Insofar as processing of personal data is necessary to fulfill a legal obligation to which our company is subject, Article 6 (1) (c) GDPR serves as the legal basis.
In the event that vital interests of the data subject or another natural person require the processing of personal data, Article 6 Paragraph 1 lit. d GDPR serves as the legal basis.
If the processing is necessary to protect a legitimate interest of our company or a third party and if the interests, fundamental rights and fundamental freedoms of the person concerned do not outweigh the first interest, Article 6 Paragraph 1 Letter f GDPR serves as the legal basis for the processing.

c) Data erasure and storage period

The personal data of the person concerned will be deleted or blocked as soon as the purpose of storage no longer applies. Storage can also take place if this has been provided for by the European or national legislator in EU regulations, laws or other regulations to which the person responsible is subject. The data will also be blocked or deleted if a storage period prescribed by the standards mentioned expires, unless there is a need for further storage of the data for the conclusion or fulfillment of a contract.

3. Provision of the application (app) and creation of log files

a) Description and scope of data processing

When using the app, the operating system, its manufacturer (Apple or Google) and our system automatically collects data and information from the smartphone used.
The following data is collected here:
– Information about the device used (name and manufacturer and unique device ID)
– The operating system of the user
– Date and time of access
– Information about crashes
The data is stored in the log files of the operator of the marketplace and in our system.

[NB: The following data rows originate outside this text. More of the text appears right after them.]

(* Let $R$ be a Bézout domain and let $A,B,C\in R^{n\times n}$ satisfy $ABA=ACA$. If $AB$ and $CA$ are group invertible, then $(AB)^2(AB)^{D}$ is similar to $(CA)^2(CA)^{D}$.
   Context: A Bézout domain is an integral domain in which every finitely generated ideal is principal. A matrix $M\in R^{n\times n}$ is Drazin invertible if there exists $X\in R^{n\times n}$ with $MX=XM$, $XMX=X$ and $M^{m+1}X=M^m$ for some nonnegative integer $m$; such $X$ is unique and denoted $M^D$. $M$ is group invertible if this holds with $m=1$ (equivalently $MX=XM$, $XMX=X$, $MXM=M$). Two matrices $M,N\in R^{n\times n}$ are similar if $M=S^{-1}NS$ for some invertible $S\in R^{n\times n}$. *)

From mathcomp Require Import all_boot all_order all_algebra.
Set Implicit Arguments. Unset Strict Implicit. Unset Printing Implicit Defensive.
Import GRing.Theory.
Local Open Scope ring_scope.

Definition bezout_domain (R : idomainType) : Prop :=
  forall s : seq R, exists d : R, forall x : R,
    (exists c : 'I_(size s) -> R, x = \sum_(i < size s) c i * s`_i)
    <-> (exists r : R, x = r * d).

Definition is_drazin_inverse (R : comNzRingType) (n : nat) (M X : 'M[R]_n) : Prop :=
  [/\ M *m X = X *m M, X *m M *m X = X &
      exists m : nat, M ^+ m.+1 *m X = M ^+ m].

Definition group_invertible (R : comNzRingType) (n : nat) (M : 'M[R]_n) : Prop :=
  exists X : 'M[R]_n,
    [/\ M *m X = X *m M, X *m M *m X = X & M *m X *m M = M].

Definition similar_mx (R : comUnitRingType) (n : nat) (M N : 'M[R]_n) : Prop :=
  exists S : 'M[R]_n, S \in unitmx /\ M = invmx S *m N *m S.

From mathcomp Require Import all_boot all_order all_algebra ring.

(* (AB)^2 (AB)^D = AB and (CA)^2 (CA)^D = CA because both matrices are group
   invertible, so AB and CA must be shown similar.  K = A intertwines them
   (A (CA) = (AB) A), and F = CAB satisfies KF = (AB)^2, FK = (CA)^2.  Hence the
   idempotents P = AB (AB)^# and Q = CA (CA)^# satisfy PK = KQ, and K maps the
   range of Q onto that of P with left inverse ((CA)^#)^2 F; in particular P and
   Q have the same rank.  Over a Bezout domain every idempotent matrix is
   similar to a diagonal 0/1 matrix (reduce a fixed column to a multiple of the
   first basis vector and induct), so Q = T^-1 P T for some invertible T, and
   then S = KQ + T(1 - Q) is invertible with (AB) S = S (CA). *)

Set Implicit Arguments.
Unset Strict Implicit.
Unset Printing Implicit Defensive.
Import GRing.Theory.
Local Open Scope ring_scope.

Definition is_group_inverse (R : pzRingType) (a g : R) :=
  [/\ a * g = g * a, g * a * g = g & a * g * a = a].

Section GroupInverse.
Variables (R : pzRingType) (a g : R).
Hypothesis ag : is_group_inverse a g.

Lemma group_inverse_idem : a * g * (a * g) = a * g.
Proof. by case: ag => _ _ aga; rewrite mulrA aga. Qed.

Lemma group_inverse_idemr : a * (a * g) = a.
Proof. by case: ag => ag_ga _ aga; rewrite ag_ga mulrA aga. Qed.

Lemma group_inverse_expr2 : a ^+ 2 * g ^+ 2 = a * g.
Proof.
case: ag => ag_ga _ _; rewrite -group_inverse_idem.
by rewrite !expr2 !mulrA -(mulrA a g a) -ag_ga !mulrA.
Qed.

Lemma group_inverse_expr2l : g ^+ 2 * a ^+ 2 = a * g.
Proof.
case: ag => ag_ga _ _; rewrite -group_inverse_expr2.
by apply/commrX/commr_sym/commrX.
Qed.

Lemma group_inverse_drazin x m : a ^+ m.+1 * x = a ^+ m -> a ^+ 2 * x = a.
Proof.
case: ag => ag_ga _ aga.
have ga_cancel j : g * a ^+ j.+2 = a ^+ j.+1 by rewrite !exprS !mulrA -ag_ga aga.
case: m => [|m]; first by rewrite expr1 expr0 expr2 -mulrA => ->; rewrite mulr1.
elim: m => [//|m IHm] axm; apply: IHm.
by rewrite -ga_cancel -mulrA axm ga_cancel.
Qed.
End GroupInverse.

Section Intertwiner.
Variables (R : pzRingType) (a b ga gb k : R).
Hypotheses (aga : is_group_inverse a ga) (bgb : is_group_inverse b gb).
Hypothesis kab : k * b = a * k.
Local Notation p := (a * ga).
Local Notation q := (b * gb).

Lemma intertwiner_idem : p * k = k * q.
Proof.
have [a_ga _ a_p] := aga.
have -> : k * q = p * k * q.
  by rewrite mulrA kab -{1}a_p -!mulrA (mulrA a k) -kab -(mulrA k b).
have -> : p * k = ga * (k * b) by rewrite a_ga -!mulrA kab.
by rewrite -!mulrA (group_inverse_idemr bgb).
Qed.

(* The witness is s = k q + t (1 - q), with left inverse l p + t' (1 - p). *)
Lemma intertwiner_similar l t t' :
  l * k = q -> t' * t = 1 -> p * t = t * q ->
  exists s s', s' * s = 1 /\ a * s = s * b.
Proof.
move=> lkq t't pt; have [b_gb _ b_q] := bgb.
have qq : q * q = q := group_inverse_idem bgb.
have q_1q : q * (1 - q) = 0 by rewrite mulrBr mulr1 qq subrr.
set s := k * q + t * (1 - q).
have ps : p * s = k * q.
  rewrite mulrDr (mulrA _ k) intertwiner_idem -(mulrA k) qq.
  by rewrite (mulrA _ t) pt -(mulrA t) q_1q mulr0 addr0.
exists s, (l * p + t' * (1 - p)); split.
  rewrite mulrDl -(mulrA l) -(mulrA t') ps mulrBl mul1r ps /s [k * q + _]addrC addrK.
  by rewrite mulrA lkq qq mulrA t't mul1r addrC subrK.
rewrite -{1}(group_inverse_idemr aga) -mulrA ps mulrA -kab -mulrA.
rewrite (group_inverse_idemr bgb) mulrDl -mulrA b_q.
by rewrite -(mulrA t) mulrBl mul1r b_q subrr mulr0 addr0.
Qed.
End Intertwiner.

Section Similarity.
Variables (R : comUnitRingType) (n : nat).
Implicit Types M N P : 'M[R]_n.

Lemma similar_mxP M N :
  similar_mx M N <-> exists2 S, S \in unitmx & S *m M = N *m S.
Proof.
split=> [[S [uS ->]]|[S uS SMNS]]; exists S => //.
  by rewrite !mulmxA mulmxV ?mul1mx.
by rewrite -mulmxA -SMNS mulKmx.
Qed.

Lemma similar_mx_refl M : similar_mx M M.
Proof. by apply/similar_mxP; exists 1%:M; rewrite ?unitmx1 ?mul1mx ?mulmx1. Qed.

Lemma similar_mx_sym M N : similar_mx M N -> similar_mx N M.
Proof.
case/similar_mxP=> S uS SMNS; apply/similar_mxP; exists (invmx S).
  by rewrite unitmx_inv.
by rewrite -[N](mulmxK uS) -SMNS !mulmxA mulVmx ?mul1mx.
Qed.

Lemma similar_mx_trans M N P :
  similar_mx M N -> similar_mx N P -> similar_mx M P.
Proof.
case/similar_mxP=> S uS SMNS /similar_mxP[T uT TNPT].
apply/similar_mxP; exists (T *m S); first by rewrite unitmx_mul uT.
by rewrite -mulmxA SMNS !mulmxA TNPT.
Qed.

End Similarity.

Section Lift0.
Variables (R : comUnitRingType) (n : nat).
Implicit Types (b : 'rV[R]_n) (d S : 'M[R]_n).

Lemma lift0_mxM d S : lift0_mx d *m lift0_mx S = lift0_mx (d *m S).
Proof. by rewrite /lift0_mx mulmx_block !(mulmx0, mul0mx, mulmx1, addr0, add0r). Qed.

Lemma lift0_mx_col d (u : 'M[R]_1) (v : 'cV[R]_n) :
  lift0_mx d *m col_mx u v = col_mx u (d *m v).
Proof. by rewrite /lift0_mx mul_block_col !mul0mx mul1mx addr0 add0r. Qed.

Lemma unitmx_lift0 d : (lift0_mx d \in unitmx) = (d \in unitmx).
Proof. by rewrite !unitmxE det_ublock det1 mul1r. Qed.

Lemma similar_mx_lift0 d S : similar_mx d S -> similar_mx (lift0_mx d) (lift0_mx S).
Proof.
case/similar_mxP=> T uT TdST; apply/similar_mxP; exists (lift0_mx T).
  by rewrite unitmx_lift0.
by rewrite !lift0_mxM TdST.
Qed.

Lemma similar_mx_block_unitriangular b d :
  b *m d = 0 -> similar_mx (block_mx 1%:M b 0 d) (lift0_mx d).
Proof.
move=> bd0; apply/similar_mxP; exists (block_mx 1%:M b 0 1%:M).
  by rewrite unitmxE det_ublock !det1 mul1r unitr1.
by rewrite /lift0_mx !mulmx_block bd0 !(mulmx0, mul0mx, mulmx1, mul1mx, addr0, add0r).
Qed.

Lemma lift0_pid_mx r : lift0_mx (pid_mx r : 'M[R]_n) = pid_mx r.+1.
Proof.
apply/matrixP=> i j; rewrite /lift0_mx !mxE.
case: (splitP i) => i' ->; rewrite !mxE; case: (splitP j) => j' ->.
all: by rewrite !mxE ?ord1 //= !add1n eqSS ltnS.
Qed.

End Lift0.

Section FracRank.
Variable R : idomainType.

Definition frac_rank m n (M : 'M[R]_(m, n)) := \rank (map_mx (@tofrac R) M).

Lemma frac_rank_mul_le m n p q (X : 'M[R]_(m, n)) Y (Z : 'M[R]_(p, q)) :
  (frac_rank (X *m Y *m Z) <= frac_rank Y)%N.
Proof. by rewrite /frac_rank !map_mxM (leq_trans (mxrankM_maxl _ _)) ?mxrankM_maxr. Qed.

Lemma frac_rank_pid_mx n r : (r <= n)%N -> frac_rank (pid_mx r : 'M[R]_n) = r.
Proof. by move=> rn; rewrite /frac_rank map_pid_mx rank_pid_mx. Qed.

Lemma similar_mx_frac_rank n (M N : 'M[R]_n) :
  similar_mx M N -> frac_rank M = frac_rank N.
Proof.
move=> MN; case: MN (similar_mx_sym MN) => S [_ MSNS] [T [_ NTMT]].
apply/eqP; rewrite eqn_leq; apply/andP; split.
  by rewrite {1}MSNS frac_rank_mul_le.
by rewrite {1}NTMT frac_rank_mul_le.
Qed.

End FracRank.

Section Corner2.
Variables (R : comUnitRingType) (n : nat).

(* The 2 x 2 matrix [[x, y], [z, w]] acting on the first two coordinates. *)
Definition corner2_mx (x y z w : R) : 'M[R]_(1 + (1 + n)) :=
  block_mx x%:M (row_mx y%:M 0) (col_mx z%:M 0) (block_mx w%:M 0 0 1%:M).

Lemma corner2_mxM x y z w x' y' z' w' :
  corner2_mx x y z w *m corner2_mx x' y' z' w' =
  corner2_mx (x * x' + y * z') (x * y' + y * w') (z * x' + w * z') (z * y' + w * w').
Proof.
rewrite /corner2_mx !mulmx_block.
rewrite !(mul_row_col, mul_col_row, mul_col_mx, mul_mx_row, mulmx_block).
rewrite !(mulmx0, mul0mx, mulmx1, mul1mx, addr0, add0r) -!scalar_mxM.
by rewrite !(add_col_mx, add_row_mx, add_block_mx, addr0, add0r, row_mx0, col_mx0) -!raddfD.
Qed.

Lemma corner2_mx1 : corner2_mx 1 0 0 1 = 1%:M.
Proof. by rewrite /corner2_mx !raddf0 row_mx0 col_mx0 -!scalar_mx_block. Qed.

Lemma corner2_mx_col x y z w a b :
  corner2_mx x y z w *m col_mx a%:M (col_mx b%:M 0) =
  col_mx (x * a + y * b)%:M (col_mx (z * a + w * b)%:M 0).
Proof.
rewrite /corner2_mx !mul_block_col !(mul_row_col, mul_col_mx, mul_block_col).
rewrite !(mulmx0, mul0mx, mulmx1, mul1mx, addr0, add0r) -!scalar_mxM.
by rewrite !(add_col_mx, addr0, add0r, col_mx0) -!raddfD.
Qed.

Lemma corner2_mx_unit x y z w :
  x * w - y * z = 1 -> corner2_mx x y z w \in unitmx.
Proof.
move=> det_xyzw; apply: (proj1 (@mulmx1_unit _ _ _ (corner2_mx w (- y) (- z) x) _)).
by rewrite corner2_mxM -corner2_mx1 -det_xyzw; congr corner2_mx; ring.
Qed.

End Corner2.

Lemma idempotent_fix_e0_block (R : comNzRingType) n (E : 'M[R]_(1 + n)) :
  E *m E = E -> E *m col_mx 1%:M 0 = col_mx 1%:M 0 ->
  [/\ E = block_mx 1%:M (ursubmx E) 0 (drsubmx E),
      drsubmx E *m drsubmx E = drsubmx E & ursubmx E *m drsubmx E = 0].
Proof.
move=> EE; have E_blk := esym (submxK E).
set a := ulsubmx E in E_blk *; set b := ursubmx E in E_blk *.
set c := dlsubmx E in E_blk *; set d := drsubmx E in E_blk *.
rewrite E_blk mul_block_col !mulmx0 !addr0 !mulmx1 => /eq_col_mx[a1 c0].
rewrite a1 c0 in E_blk; rewrite E_blk mulmx_block in EE.
case/eq_block_mx: EE => _ bb _ dd.
rewrite !mul0mx !mul1mx add0r in bb dd.
by split; [rewrite a1 c0 | | apply: (addrI b); rewrite addr0].
Qed.

Section BezoutDomain.
Variables (R : idomainType) (bezR : bezout_domain R).

Lemma bezout_kill2 (a b : R) :
  exists x y z w, x * w - y * z = 1 /\ z * a + w * b = 0.
Proof.
have [d hd] := bezR [:: a; b].
have sum2 (c : 'I_2 -> R) :
    \sum_(i < 2) c i * [:: a; b]`_i = c ord0 * a + c (lift ord0 ord0) * b.
  by rewrite !big_ord_recl big_ord0 addr0.
have [c] : exists c : 'I_2 -> R, d = \sum_(i < 2) c i * [:: a; b]`_i.
  by apply/hd; exists 1; rewrite mul1r.
rewrite sum2 => d_ab.
have [[ra a_d] [rb b_d]] : (exists r, a = r * d) /\ (exists r, b = r * d).
  split; apply/hd; [exists (fun i => (i == ord0)%:R) | exists (fun i => (i != ord0)%:R)].
    by rewrite sum2 /= mul1r mul0r addr0.
  by rewrite sum2 /= mul1r mul0r add0r.
have [d0|dn0] := eqVneq d 0.
  by exists 1, 0, 0, 1; rewrite a_d b_d d0; split; ring.
exists (c ord0), (c (lift ord0 ord0)), (- rb), ra; split; last by rewrite a_d b_d; ring.
apply: (mulIf dn0); rewrite mul1r {2}d_ab a_d b_d; ring.
Qed.

Lemma col_reduce n (v : 'cV[R]_(1 + n)) :
  exists2 V, V \in unitmx & exists g, V *m v = col_mx g%:M 0.
Proof.
elim: n v => [|n IHn] v.
  exists 1%:M; first exact: unitmx1.
  by exists (usubmx v 0 0); rewrite mul1mx -mx11_scalar -{1}[v]vsubmxK (flatmx0 (dsubmx v)).
have [W uW [g' Wv]] := IHn (dsubmx v).
have [x [y [z [w [det_xyzw kill]]]]] := bezout_kill2 (usubmx v 0 0) g'.
exists (corner2_mx n x y z w *m lift0_mx W).
  by rewrite unitmx_mul corner2_mx_unit // unitmx_lift0.
exists (x * usubmx v 0 0 + y * g').
rewrite -mulmxA -{1}[v]vsubmxK lift0_mx_col Wv {1}[usubmx v]mx11_scalar.
by rewrite corner2_mx_col kill raddf0 col_mx0.
Qed.

Lemma idempotent_similar_fix_e0 n (E : 'M[R]_(1 + n)) :
  E *m E = E -> E != 0 ->
  exists2 E', similar_mx E E' & E' *m E' = E' /\ E' *m col_mx 1%:M 0 = col_mx 1%:M 0.
Proof.
move=> EE En0.
have [j cj0] : exists j, col j E != 0.
  apply/existsP; apply: contraNT En0; rewrite negb_exists => /forallP colE0.
  by apply/eqP/matrixP=> i j; have /negbNE/eqP/matrixP/(_ i 0) := colE0 j; rewrite !mxE.
set c := col j E in cj0.
have Ec : E *m c = c by rewrite /c !colE mulmxA EE.
have [V uV [g Vc]] := col_reduce c.
have g0 : g != 0.
  by apply: contraNneq cj0 => g0; rewrite -[c](mulKmx uV) Vc g0 raddf0 col_mx0 mulmx0.
exists (V *m E *m invmx V); first by apply/similar_mxP; exists V; rewrite ?mulmxKV.
split; first by rewrite !mulmxA mulmxKV // -(mulmxA V) EE.
apply: (scalemx_inj g0); rewrite scalemxAr scale_col_mx scalemx1 scaler0 -Vc.
by rewrite mulmxA mulmxKV // -mulmxA Ec.
Qed.

Lemma idempotent_similar_pid_mx n (E : 'M[R]_n) :
  E *m E = E -> exists2 r, (r <= n)%N & similar_mx E (pid_mx r).
Proof.
elim: n E => [|n IHn] E EE.
  by exists 0%N; rewrite // [E]flatmx0 pid_mx_0; apply: similar_mx_refl.
have [->|En0] := eqVneq E 0.
  by exists 0%N; rewrite // pid_mx_0; apply: similar_mx_refl.
have [E' EE' [E'E' E'e0]] := idempotent_similar_fix_e0 EE En0.
have [E'_blk dd bd] := idempotent_fix_e0_block E'E' E'e0.
have [r rn dr] := IHn _ dd.
exists r.+1 => //; apply: (similar_mx_trans EE'); rewrite E'_blk.
apply: (similar_mx_trans (similar_mx_block_unitriangular bd)).
by rewrite -lift0_pid_mx; apply: similar_mx_lift0.
Qed.

Lemma idempotents_similar n (P Q : 'M[R]_n) :
  P *m P = P -> Q *m Q = Q -> frac_rank P = frac_rank Q -> similar_mx P Q.
Proof.
move=> PP QQ; have [r rn Pr] := idempotent_similar_pid_mx PP.
have [s sn Qs] := idempotent_similar_pid_mx QQ.
rewrite (similar_mx_frac_rank Pr) (similar_mx_frac_rank Qs) !frac_rank_pid_mx // => rs.
by rewrite -rs in Qs; apply: similar_mx_trans Pr (similar_mx_sym Qs).
Qed.

Lemma intertwined_group_inverses_similar n (M N K F Gm Gn : 'M[R]_n) :
  is_group_inverse M Gm -> is_group_inverse N Gn ->
  K * N = M * K -> K * F = M ^+ 2 -> F * K = N ^+ 2 -> similar_mx M N.
Proof.
move=> MGm NGn KNMK KFM2 FKN2.
have PKKQ := intertwiner_idem MGm NGn KNMK.
have LKQ : Gn ^+ 2 * F * K = N * Gn by rewrite -mulrA FKN2 (group_inverse_expr2l NGn).
have P_KQ : M * Gm = K * (N * Gn) * (F * Gm ^+ 2).
  by rewrite -PKKQ -(mulrA _ K) (mulrA K) KFM2 (group_inverse_expr2 MGm) (group_inverse_idem MGm).
have Q_PK : N * Gn = Gn ^+ 2 * F * (M * Gm) * K.
  by rewrite -(mulrA _ (M * Gm)) PKKQ (mulrA _ K) LKQ (group_inverse_idem NGn).
have QP : similar_mx (N * Gn) (M * Gm).
  apply: idempotents_similar (group_inverse_idem NGn) (group_inverse_idem MGm) _.
  apply/eqP; rewrite eqn_leq; apply/andP; split.
    by rewrite {1}Q_PK frac_rank_mul_le.
  by rewrite {1}P_KQ frac_rank_mul_le.
have /similar_mxP[T uT TQPT] := QP.
have [S [S' [S'S MSSN]]] := intertwiner_similar MGm NGn KNMK LKQ (mulVmx uT) (esym TQPT).
apply/similar_mx_sym/similar_mxP; exists S; last exact: esym MSSN.
by case: (mulmx1_unit S'S).
Qed.

End BezoutDomain.

Theorem corollary3p6 (R : idomainType) (n : nat) (A B C : 'M[R]_n) :
  bezout_domain R ->
  A *m B *m A = A *m C *m A ->
  group_invertible (A *m B) -> group_invertible (C *m A) ->
  forall X Y : 'M[R]_n,
    is_drazin_inverse (A *m B) X -> is_drazin_inverse (C *m A) Y ->
    similar_mx ((A *m B) ^+ 2 *m X) ((C *m A) ^+ 2 *m Y).
Proof.
move=> bezR ABA [Gm ABGm] [Gn CAGn] X Y [_ _ [k ABX]] [_ _ [l CAY]].
rewrite !mulmxE in ABA ABX CAY *.
rewrite (group_inverse_drazin ABGm ABX) (group_inverse_drazin CAGn CAY).
apply: (intertwined_group_inverses_similar bezR ABGm CAGn (K := A) (F := C * A * B)).
- by rewrite mulrA ABA.
- by rewrite expr2 !mulrA ABA.
- by rewrite expr2 -!mulrA (mulrA A B A) ABA !mulrA.
Qed.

This data is not stored together with other personal data of the user.
A reference to your person could not be made by the provider without the involvement of your provider and the operator of the marketplace (Apple or Google).

b) Legal basis for data processing

The legal basis for the temporary storage of the data and the log files is Article 6 (1) (f) GDPR.

c) Purpose of data processing

The temporary storage of the data by the system is necessary to enable the app to be installed and operated on the user’s smartphone.
Our legitimate interest in data processing in accordance with Article 6 (1) (f) GDPR also lies in these purposes.

d) Duration of storage

The data will be deleted as soon as they are no longer required to achieve the purpose for which they were collected.
If the data is stored in log files or the data of the operator of the marketplace, the user data will be deleted or alienated so that it is not possible for us to assign the calling user.

e) Possibility of objection and elimination

The collection of the data for the provision of the application (app) and the storage of the data in log files is absolutely necessary for the operation of the application. Consequently, there is no possibility of objection on the part of the user.

4. Collection of location data

a) Description and scope of data processing

The application (app) includes so-called location-based services. With these services we offer special offers that are tailored to the respective location. In order to be able to use these functions of the app, we determine the location data using GPS data, identifiers of WLAN networks in the vicinity, mobile data and Bluetooth, if the user has previously permitted this. The right can be granted or revoked at any time in the settings of the operating system. Location data is not used to create movement profiles beyond the current location and is therefore neither logged nor stored.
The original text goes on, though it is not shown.